:: WORK INSTRUCTION ::
Go through the data below and return each line containing the word "hconC".

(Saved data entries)
◆ ◆ ◆ ◆

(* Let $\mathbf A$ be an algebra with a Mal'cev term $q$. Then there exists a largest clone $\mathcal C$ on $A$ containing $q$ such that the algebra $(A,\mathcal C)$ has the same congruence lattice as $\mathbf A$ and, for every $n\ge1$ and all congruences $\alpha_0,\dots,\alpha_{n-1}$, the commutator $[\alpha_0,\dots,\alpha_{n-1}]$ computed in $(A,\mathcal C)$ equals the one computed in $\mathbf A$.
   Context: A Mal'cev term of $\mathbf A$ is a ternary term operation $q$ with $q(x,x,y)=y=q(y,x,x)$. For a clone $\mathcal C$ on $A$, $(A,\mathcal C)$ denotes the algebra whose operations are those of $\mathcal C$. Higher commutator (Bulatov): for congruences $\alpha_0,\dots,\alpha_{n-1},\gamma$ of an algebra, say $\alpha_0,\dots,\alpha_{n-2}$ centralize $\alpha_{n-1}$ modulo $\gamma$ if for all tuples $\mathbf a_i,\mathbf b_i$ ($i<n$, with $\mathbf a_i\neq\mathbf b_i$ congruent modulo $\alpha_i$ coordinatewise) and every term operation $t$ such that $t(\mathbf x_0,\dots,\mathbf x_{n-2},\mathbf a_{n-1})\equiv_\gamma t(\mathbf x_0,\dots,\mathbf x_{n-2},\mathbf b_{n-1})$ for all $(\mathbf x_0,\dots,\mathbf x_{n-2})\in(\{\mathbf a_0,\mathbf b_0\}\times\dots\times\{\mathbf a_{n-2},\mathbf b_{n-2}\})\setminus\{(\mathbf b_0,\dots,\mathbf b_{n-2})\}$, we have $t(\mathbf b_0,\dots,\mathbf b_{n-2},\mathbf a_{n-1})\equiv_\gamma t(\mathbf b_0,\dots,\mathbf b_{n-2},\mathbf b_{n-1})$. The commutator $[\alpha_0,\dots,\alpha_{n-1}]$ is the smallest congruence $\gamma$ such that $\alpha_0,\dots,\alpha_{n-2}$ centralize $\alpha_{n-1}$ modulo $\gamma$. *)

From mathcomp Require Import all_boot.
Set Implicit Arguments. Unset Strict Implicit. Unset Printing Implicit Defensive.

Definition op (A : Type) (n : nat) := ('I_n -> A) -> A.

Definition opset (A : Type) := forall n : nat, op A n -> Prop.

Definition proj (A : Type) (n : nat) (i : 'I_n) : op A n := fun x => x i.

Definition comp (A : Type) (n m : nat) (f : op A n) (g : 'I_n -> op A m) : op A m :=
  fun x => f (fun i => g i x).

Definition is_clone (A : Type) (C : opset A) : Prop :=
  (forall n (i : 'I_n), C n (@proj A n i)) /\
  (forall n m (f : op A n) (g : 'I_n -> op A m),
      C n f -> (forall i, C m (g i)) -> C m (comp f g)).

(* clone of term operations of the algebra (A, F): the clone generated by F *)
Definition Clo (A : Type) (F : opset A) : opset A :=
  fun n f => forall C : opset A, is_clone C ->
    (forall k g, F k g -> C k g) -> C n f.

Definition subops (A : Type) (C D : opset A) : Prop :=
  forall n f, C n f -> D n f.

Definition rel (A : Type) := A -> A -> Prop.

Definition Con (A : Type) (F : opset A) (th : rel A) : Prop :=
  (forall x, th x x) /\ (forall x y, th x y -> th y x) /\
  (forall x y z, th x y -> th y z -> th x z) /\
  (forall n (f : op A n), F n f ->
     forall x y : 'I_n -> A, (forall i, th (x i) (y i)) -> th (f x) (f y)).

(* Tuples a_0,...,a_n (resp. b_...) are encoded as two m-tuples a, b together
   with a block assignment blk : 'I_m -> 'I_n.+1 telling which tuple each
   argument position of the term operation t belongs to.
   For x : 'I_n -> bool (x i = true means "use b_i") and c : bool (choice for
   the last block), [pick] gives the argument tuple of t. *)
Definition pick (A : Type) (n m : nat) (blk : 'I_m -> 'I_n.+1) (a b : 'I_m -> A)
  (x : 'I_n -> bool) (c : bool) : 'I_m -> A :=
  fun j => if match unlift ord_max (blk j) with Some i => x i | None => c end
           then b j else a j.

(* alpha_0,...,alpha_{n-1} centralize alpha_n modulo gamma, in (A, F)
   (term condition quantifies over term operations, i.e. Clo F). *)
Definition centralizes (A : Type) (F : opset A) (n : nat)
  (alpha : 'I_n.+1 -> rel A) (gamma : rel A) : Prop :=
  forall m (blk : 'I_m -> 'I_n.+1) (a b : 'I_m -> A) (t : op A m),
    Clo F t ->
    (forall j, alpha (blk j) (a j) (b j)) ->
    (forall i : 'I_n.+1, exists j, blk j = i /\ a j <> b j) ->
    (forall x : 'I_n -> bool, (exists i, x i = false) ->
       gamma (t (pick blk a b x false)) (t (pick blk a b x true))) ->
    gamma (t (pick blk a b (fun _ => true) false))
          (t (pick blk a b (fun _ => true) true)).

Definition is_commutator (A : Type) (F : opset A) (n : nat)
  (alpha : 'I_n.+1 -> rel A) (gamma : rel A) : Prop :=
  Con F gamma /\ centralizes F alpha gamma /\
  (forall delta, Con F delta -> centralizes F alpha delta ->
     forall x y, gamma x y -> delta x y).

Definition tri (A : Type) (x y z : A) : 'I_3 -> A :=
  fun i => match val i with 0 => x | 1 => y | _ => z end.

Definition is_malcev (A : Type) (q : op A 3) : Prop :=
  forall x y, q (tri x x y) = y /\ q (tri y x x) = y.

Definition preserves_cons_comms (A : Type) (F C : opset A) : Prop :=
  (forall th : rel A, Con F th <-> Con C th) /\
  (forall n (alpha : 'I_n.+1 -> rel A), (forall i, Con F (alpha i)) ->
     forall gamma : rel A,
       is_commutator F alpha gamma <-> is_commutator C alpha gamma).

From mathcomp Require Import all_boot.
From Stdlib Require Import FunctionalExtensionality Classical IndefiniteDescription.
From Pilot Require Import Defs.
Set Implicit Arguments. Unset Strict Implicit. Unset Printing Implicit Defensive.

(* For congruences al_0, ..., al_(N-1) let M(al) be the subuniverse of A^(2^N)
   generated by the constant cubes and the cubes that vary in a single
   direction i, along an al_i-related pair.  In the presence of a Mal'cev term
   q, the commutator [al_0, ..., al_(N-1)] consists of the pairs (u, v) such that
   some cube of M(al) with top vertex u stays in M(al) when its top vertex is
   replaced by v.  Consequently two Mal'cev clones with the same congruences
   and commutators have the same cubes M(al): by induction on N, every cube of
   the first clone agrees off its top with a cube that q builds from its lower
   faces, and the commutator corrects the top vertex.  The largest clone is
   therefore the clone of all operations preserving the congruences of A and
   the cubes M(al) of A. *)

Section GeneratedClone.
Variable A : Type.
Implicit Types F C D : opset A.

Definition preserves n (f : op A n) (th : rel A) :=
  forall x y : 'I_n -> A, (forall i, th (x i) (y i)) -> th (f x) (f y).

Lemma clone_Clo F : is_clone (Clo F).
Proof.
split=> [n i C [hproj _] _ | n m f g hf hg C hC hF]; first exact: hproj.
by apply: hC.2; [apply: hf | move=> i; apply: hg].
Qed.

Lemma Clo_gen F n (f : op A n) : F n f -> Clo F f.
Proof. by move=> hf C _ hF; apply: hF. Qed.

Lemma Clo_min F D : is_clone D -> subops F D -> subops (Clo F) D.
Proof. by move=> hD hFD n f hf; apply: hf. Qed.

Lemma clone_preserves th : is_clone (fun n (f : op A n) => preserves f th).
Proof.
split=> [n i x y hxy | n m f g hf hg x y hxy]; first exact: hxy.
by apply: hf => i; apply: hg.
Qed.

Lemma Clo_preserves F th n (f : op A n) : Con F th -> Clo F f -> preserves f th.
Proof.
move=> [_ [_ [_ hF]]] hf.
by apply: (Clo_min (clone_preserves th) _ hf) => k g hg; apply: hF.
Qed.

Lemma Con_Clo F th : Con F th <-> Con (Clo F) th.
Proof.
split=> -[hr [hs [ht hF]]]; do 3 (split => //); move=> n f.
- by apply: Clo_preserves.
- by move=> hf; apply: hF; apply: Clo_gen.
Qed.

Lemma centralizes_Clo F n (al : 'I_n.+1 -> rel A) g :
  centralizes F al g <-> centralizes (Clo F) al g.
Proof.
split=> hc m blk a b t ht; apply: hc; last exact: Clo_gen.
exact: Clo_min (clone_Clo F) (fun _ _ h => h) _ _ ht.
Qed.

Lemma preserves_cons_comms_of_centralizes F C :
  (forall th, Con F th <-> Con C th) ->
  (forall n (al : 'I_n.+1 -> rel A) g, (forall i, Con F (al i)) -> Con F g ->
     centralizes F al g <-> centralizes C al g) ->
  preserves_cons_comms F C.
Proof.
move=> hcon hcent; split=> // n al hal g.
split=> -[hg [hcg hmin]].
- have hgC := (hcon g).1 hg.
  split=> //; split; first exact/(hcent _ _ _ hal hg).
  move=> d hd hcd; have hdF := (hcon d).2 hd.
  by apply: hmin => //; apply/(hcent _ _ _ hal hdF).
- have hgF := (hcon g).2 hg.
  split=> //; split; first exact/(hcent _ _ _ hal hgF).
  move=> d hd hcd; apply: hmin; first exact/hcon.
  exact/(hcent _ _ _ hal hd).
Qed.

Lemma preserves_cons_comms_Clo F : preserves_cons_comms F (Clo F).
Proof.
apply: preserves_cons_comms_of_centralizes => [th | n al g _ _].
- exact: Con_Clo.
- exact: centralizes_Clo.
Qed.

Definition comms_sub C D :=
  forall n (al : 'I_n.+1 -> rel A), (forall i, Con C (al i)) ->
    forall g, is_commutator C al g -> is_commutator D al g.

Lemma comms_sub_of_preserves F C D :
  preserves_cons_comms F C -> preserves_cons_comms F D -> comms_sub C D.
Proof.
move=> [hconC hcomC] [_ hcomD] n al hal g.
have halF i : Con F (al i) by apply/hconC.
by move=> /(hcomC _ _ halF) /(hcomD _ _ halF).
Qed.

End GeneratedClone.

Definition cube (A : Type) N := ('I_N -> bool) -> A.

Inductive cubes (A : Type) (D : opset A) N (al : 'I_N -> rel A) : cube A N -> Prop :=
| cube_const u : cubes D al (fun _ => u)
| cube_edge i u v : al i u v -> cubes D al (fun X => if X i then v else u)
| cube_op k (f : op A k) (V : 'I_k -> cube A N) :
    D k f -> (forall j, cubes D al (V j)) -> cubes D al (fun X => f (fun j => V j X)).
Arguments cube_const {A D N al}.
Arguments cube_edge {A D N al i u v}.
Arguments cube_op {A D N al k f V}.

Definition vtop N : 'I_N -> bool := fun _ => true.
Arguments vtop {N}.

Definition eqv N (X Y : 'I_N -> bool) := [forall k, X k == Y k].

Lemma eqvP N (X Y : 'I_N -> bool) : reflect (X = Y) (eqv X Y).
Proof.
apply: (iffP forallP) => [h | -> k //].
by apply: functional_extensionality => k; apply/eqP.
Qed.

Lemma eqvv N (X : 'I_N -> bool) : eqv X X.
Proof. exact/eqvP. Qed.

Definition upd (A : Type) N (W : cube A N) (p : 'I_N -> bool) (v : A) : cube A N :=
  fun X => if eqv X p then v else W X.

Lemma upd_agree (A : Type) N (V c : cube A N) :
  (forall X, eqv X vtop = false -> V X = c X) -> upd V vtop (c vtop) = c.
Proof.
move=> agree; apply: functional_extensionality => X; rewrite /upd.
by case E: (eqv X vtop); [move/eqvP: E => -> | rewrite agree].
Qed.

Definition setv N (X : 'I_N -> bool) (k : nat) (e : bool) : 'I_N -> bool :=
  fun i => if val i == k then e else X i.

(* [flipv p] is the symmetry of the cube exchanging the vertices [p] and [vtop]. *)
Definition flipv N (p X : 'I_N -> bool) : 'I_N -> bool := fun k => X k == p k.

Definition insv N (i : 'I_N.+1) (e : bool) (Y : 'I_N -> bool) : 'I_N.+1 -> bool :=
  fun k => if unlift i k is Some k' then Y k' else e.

◆ ◆ ◆ ◆

:: TASK RESULT ::
move=> [hconC hcomC] [_ hcomD] n al hal g.
have halF i : Con F (al i) by apply/hconC.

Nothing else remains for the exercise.